What the exercise asks -> All lines from the one with "From mathcomp Require Import all_boot." through the last are to be given again exactly as they stand in the data below, and only those.

Provided material ->
------------------------------------------------
(* Let $(D,v^* )$ be an instance of TFP that is special with respect to $a^*\in N_{\mathrm{out}}(v^* )$ and $b^*\in N_{\mathrm{in}}(v^* )$, and let $m=|N_{\mathrm{in}}(v^* )|=2^p$ (so $|V(D)|=4m=2^{p+2}$ and the knockout tournament has $p+2$ rounds). Write $A=N_{\mathrm{out}}(v^* )$ and $B=N_{\mathrm{in}}(v^* )$. Suppose $(D,v^* )$ is a yes-instance, let $\sigma$ be an arbitrary winning seeding for $v^*$, and let $\{M_1,\dots,M_{p+2}\}$ be its match set sequence. Then: (1) $V(M_{p+1})\cap B=\{b^*\}$; (2) $|V(M_{p+1})\cap A|=2$ and $a^*\in V(M_{p+1})$; (3) for every round $r\in\{1,\dots,p\}$, every match in $M_r$ is played either between two players of $A\cup\{v^*\}$ or between two players of $B$.
   Context: A tournament is a digraph $D=(V,E)$ in which for every pair of distinct vertices $u,v$ exactly one of the arcs $(u,v),(v,u)$ is present; $(u,v)\in E$ means $u$ beats $v$. $N_{\mathrm{out}}(v)=\{u:(v,u)\in E\}$, $N_{\mathrm{in}}(v)=\{u:(u,v)\in E\}$. A knockout tournament on $n=2^c$ players is a complete binary tree with $n$ leaves; a seeding is a bijection from players to leaves; in each of the $\log_2 n$ rounds the winners of sibling subtrees play each other and the winner (according to $D$) advances; the last remaining player is the champion. A seeding is winning for $v^*$ if $v^*$ is the champion. The Tournament Fixing Problem (TFP): given a tournament $D$ with $|V(D)|$ a power of two and $v^*\in V(D)$, decide whether a winning seeding for $v^*$ exists; $(D,v^* )$ is a yes-instance if so. For a seeding, the match set $M_r\subseteq E(D)$ of round $r$ is the set of arcs $(u,v)$ such that $u$ beat $v$ in round $r$, and $V(M_r)$ is the set of players participating in round $r$; $\{M_1,\dots,M_{\log n}\}$ is the match set sequence. An instance $(D,v^* )$ is special with respect to $a^*\in N_{\mathrm{out}}(v^* )$ and $b^*\in N_{\mathrm{in}}(v^* )$ if: (i) $|N_{\mathrm{out}}(v^* )|=3|N_{\mathrm{in}}(v^* )|-1$ and $|N_{\mathrm{in}}(v^* )|=2^p$ for some integer $p\ge 0$; (ii) $(a^*,b^* )\in E(D)$; (iii) for every $a\in N_{\mathrm{out}}(v^* )$ and $b\in N_{\mathrm{in}}(v^* )$ with $(a,b)\neq(a^*,b^* )$, we have $(b,a)\in E(D)$. *)

From mathcomp Require Import all_boot.
Set Implicit Arguments. Unset Strict Implicit. Unset Printing Implicit Defensive.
------------------------------------------------
Answer for this exercise ->
From mathcomp Require Import all_boot.
Set Implicit Arguments. Unset Strict Implicit. Unset Printing Implicit Defensive.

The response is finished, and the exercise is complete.